START RECORDS TO USE
Lemma net_of_layers e (L0 : layer e) (Ls : seq (layer e)) p (b : 'M[R]_(1, e)) :
  exists G, relu_net_fun d (d + e) (size Ls).+2 1 G /\ forall x, in_cube x ->
    G x 0 0 = Num.max (ev p x + (b *m foldl (step x) 0 (L0 :: Ls)) 0 0) 0.
Proof.
pose first (L : layer e) : affine_map R d (d + e) := (col_mx 1%:M L.1.1, col_mx 0 L.2).
pose hidden (L : layer e) : affine_map R (d + e) (d + e) :=
  (block_mx 1%:M 0 L.1.1 L.1.2, col_mx 0 L.2).
pose readout : affine_map R (d + e) 1 := (row_mx p.1^T b, \col_(i < 1) p.2).
exists (fun x => relu (app_aff readout
  (foldl (fun v A => relu (app_aff A v)) (relu (app_aff (first L0) x)) (map hidden Ls)))).
split=> [|x x_cube].
  right; split=> //; exists (first L0), (map hidden Ls), readout.
  by rewrite size_map subn2.
have relu_x : relu x = x by apply: relu_id => i; have /andP[] := x_cube i.
have first_x : relu (app_aff (first L0) x) = col_mx x (step x 0 L0).
  by rewrite /app_aff mul_col_mx add_col_mx mul1mx addr0 relu_col relu_x /step mulmx0 addr0.
have hidden_x z : foldl (fun v A => relu (app_aff A v)) (col_mx x z) (map hidden Ls) =
    col_mx x (foldl (step x) z Ls).
  elim: Ls z => [|L Ls IH] z //=; rewrite -IH; congr foldl.
  by rewrite /app_aff mul_block_col add_col_mx mul1mx mul0mx !addr0 relu_col relu_x.
by rewrite first_x hidden_x /app_aff /= mul_row_col [relu _ _ _]mxE addrAC [in LHS]mxE ev_trmx.
Qed.

Definition add_slot e (j : 'I_e) p : layer e :=
  (\matrix_(k, i) ((k == j)%:R * p.1 i 0), 1%:M, \col_k ((k == j)%:R * p.2)).

Lemma step_add_slot e x (j k : 'I_e) p (z : 'cV[R]_e) :
  step x z (add_slot j p) k 0 = Num.max ((k == j)%:R * ev p x + z k 0) 0.
Proof.
rewrite /step mxE mul1mx !mxE /ev /dot mulrDr mulr_sumr; congr Num.max.
rewrite addrAC; congr (_ + _ + _); apply: eq_bigr => i _; rewrite mxE; ring.
Qed.

Lemma foldl_idle e x (j : 'I_e) n (z : 'cV[R]_e) :
  (forall k, 0 <= z k 0) -> foldl (step x) z (nseq n (add_slot j 0)) = z.
Proof.
move=> z_ge0; have idle_z : step x z (add_slot j 0) = z.
  apply/matrixP => k k'; rewrite ord1 step_add_slot (ev_cst 0) mulr0 add0r.
  exact/max_idPl/z_ge0.
by elim: n => //= n; rewrite idle_z.
Qed.

Definition max_layers e (j : 'I_e) (q0 : aff) (qs : seq aff) : seq (layer e) :=
  pairmap (fun q q' => add_slot j (q - q')) q0 qs.

(* Slot j holds m - ev q x >= 0 for the running maximum m and the last piece q read: adding
   ev (q - q') x and applying ReLU gives max m (ev q' x) - ev q' x. *)
Lemma foldl_max_layers e x (j : 'I_e) q0 qs (z : 'cV[R]_e) m :
  (forall k, 0 <= z k 0) -> z j 0 = m - ev q0 x ->
  let z' := foldl (step x) z (max_layers j q0 qs) in
  [/\ forall k, 0 <= z' k 0, z' j 0 = foldmax m [seq ev q x | q <- qs] - ev (last q0 qs) x
    & forall k, k != j -> z' k 0 = z k 0].
Proof.
elim: qs q0 z m => [|q1 qs IH] q0 z m z_ge0 z_j //=.
set z1 := step x z (add_slot j (q0 - q1)).
have z1_ge0 k : 0 <= z1 k 0 by rewrite step_add_slot le_max lexx orbT.
have z1_j : z1 j 0 = Num.max m (ev q1 x) - ev q1 x.
  by rewrite step_add_slot eqxx mul1r evB z_j addr_maxl; congr Num.max; ring.
have [z'_ge0 z'_j z'_other] := IH q1 z1 _ z1_ge0 z1_j.
split=> // k k_j; rewrite z'_other // step_add_slot (negbTE k_j) mul0r add0r.
exact/max_idPl.
Qed.

Lemma net_max_aff_diff e (j1 j2 : 'I_e) p0 ps q0 qs n :
  j1 != j2 -> (size ps + size qs + 2 <= n)%N ->
  exists G, relu_net_fun d (d + e) n 1 G /\ forall x, in_cube x ->
    G x 0 0 = Num.max (max_aff p0 ps x - max_aff q0 qs x) 0.
Proof.
move=> j12 n_ge; set lp := last p0 ps; set lq := last q0 qs.
pose Ls := max_layers j1 p0 ps ++ max_layers j2 q0 qs ++
  nseq (n - (size ps + size qs + 2)) (add_slot j1 0).
have [G [netG GE]] := net_of_layers (add_slot j1 0) Ls (lp - lq) (delta_mx 0 j1 - delta_mx 0 j2).
exists G; split.
  suff -> : n = (size Ls).+2 by [].
  by rewrite !size_cat !size_pairmap size_nseq; lia.
move=> x x_cube; rewrite GE //; congr Num.max.
have z0_ge0 k : 0 <= (0 : 'cV[R]_e) k 0 by rewrite mxE.
rewrite -[_ :: Ls]/(nseq 1 (add_slot j1 0) ++ Ls) /Ls !foldl_cat (foldl_idle _ _ 1 z0_ge0).
have z0_j1 : (0 : 'cV[R]_e) j1 0 = ev p0 x - ev p0 x by rewrite mxE subrr.
have [z1_ge0 z1_j1 z1_other] := foldl_max_layers ps z0_ge0 z0_j1.
have z1_j2 : foldl (step x) 0 (max_layers j1 p0 ps) j2 0 = ev q0 x - ev q0 x.
  by rewrite z1_other 1?eq_sym // mxE subrr.
have [z2_ge0 z2_j2 z2_other] := foldl_max_layers qs z1_ge0 z1_j2.
rewrite (foldl_idle _ _ _ z2_ge0) mulmxBl -!rowE !mxE z2_j2 z2_other // z1_j1.
by rewrite !max_aff_foldmax evB; ring.
Qed.

Lemma net_max_aff e (j : 'I_e) p0 ps :
  exists G, relu_net_fun d (d + e) (size ps).+1 1 G /\ forall x, in_cube x ->
    G x 0 0 = Num.max (max_aff p0 ps x) 0.
Proof.
case: ps => [|p1 ps].
  exists (fun x => relu (app_aff (p0.1^T, \col_(i < 1) p0.2) x)); split.
    by left; split=> //; exists (p0.1^T, \col_(i < 1) p0.2).
  by move=> x _; rewrite max_aff_foldmax mxE ev_trmx.
have [G [netG GE]] := net_of_layers (add_slot j (p0 - p1)) (max_layers j p1 ps)
  (last p1 ps) (delta_mx 0 j).
exists G; split; first by rewrite size_pairmap in netG.
move=> x x_cube; rewrite GE //; congr Num.max.
have z0_ge0 k : 0 <= (0 : 'cV[R]_e) k 0 by rewrite mxE.
have z0_j : (0 : 'cV[R]_e) j 0 = ev p0 x - ev p0 x by rewrite mxE subrr.
have [_ z_j _] := foldl_max_layers (p1 :: ps) z0_ge0 z0_j.
rewrite -rowE mxE -[add_slot _ _ :: _]/(max_layers j p0 (p1 :: ps)) z_j.
by rewrite max_aff_foldmax; ring.
Qed.

End RunningMaxNets.

Lemma relu_net_max_aff_decomposition (R : realType) d w n (F : 'cV[R]_d -> 'cV[R]_1) :
  relu_net_fun d w n 1 F -> exists p0 ps q0 qs,
    (forall x, in_cube x -> [/\ F x 0 0 = max_aff p0 ps x - max_aff q0 qs x,
                               0 <= max_aff p0 ps x & 0 <= max_aff q0 qs x]) /\
    (convex_on_cube (fun x => F x 0 0) -> forall x, in_cube x -> max_aff q0 qs x = 0).
Proof.
move=> netF; have zero_cube : in_cube (0 : 'cV[R]_d) by move=> i; rewrite mxE lexx ler01.
have [F_convex|F_nconvex] := classic (convex_on_cube (fun x => F x 0 0)).
  have [g [h [[lg g_max] [lh h_max] FE]]] := relu_net_dc netF.
  have [l l_max] := convex_dc_is_max_on_cube (fun x _ => And3 (g_max x) (h_max x) (FE x)) F_convex.
  have [c0 [cs csE]] := exists_max_aff_on zero_cube l_max.
  have zeroE x : max_aff 0 [::] x = 0 by rewrite max_aff_foldmax ev_cst.
  exists c0, cs, 0, [::]; split=> // x x_cube.
  by rewrite zeroE subr0 csE //; split=> //; apply: relu_net_ge0 netF x 0.
have [g [h [[lg g_max] [lh h_max] FE]]] := dc_nonneg_on_cube (relu_net_dc netF).
have [p0 [ps psE]] := exists_max_aff_on zero_cube (fun x _ => g_max x).
have [q0 [qs qsE]] := exists_max_aff_on zero_cube (fun x _ => h_max x).
by exists p0, ps, q0, qs; split=> // x x_cube; rewrite psE ?qsE //; exact: FE.
Qed.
END RECORDS TO USE
> [YOUR TASK]: Print, without alteration, only the lines above between the one holding "set z1 := step x z (add_slot j (q0 - q1))." and the one holding "exists G, relu_net_fun d (d + e) n", inclusive.

> [SOLUTION FOR THIS TASK]:
set z1 := step x z (add_slot j (q0 - q1)).
have z1_ge0 k : 0 <= z1 k 0 by rewrite step_add_slot le_max lexx orbT.
have z1_j : z1 j 0 = Num.max m (ev q1 x) - ev q1 x.
  by rewrite step_add_slot eqxx mul1r evB z_j addr_maxl; congr Num.max; ring.
have [z'_ge0 z'_j z'_other] := IH q1 z1 _ z1_ge0 z1_j.
split=> // k k_j; rewrite z'_other // step_add_slot (negbTE k_j) mul0r add0r.
exact/max_idPl.
Qed.

Lemma net_max_aff_diff e (j1 j2 : 'I_e) p0 ps q0 qs n :
  j1 != j2 -> (size ps + size qs + 2 <= n)%N ->
  exists G, relu_net_fun d (d + e) n 1 G /\ forall x, in_cube x ->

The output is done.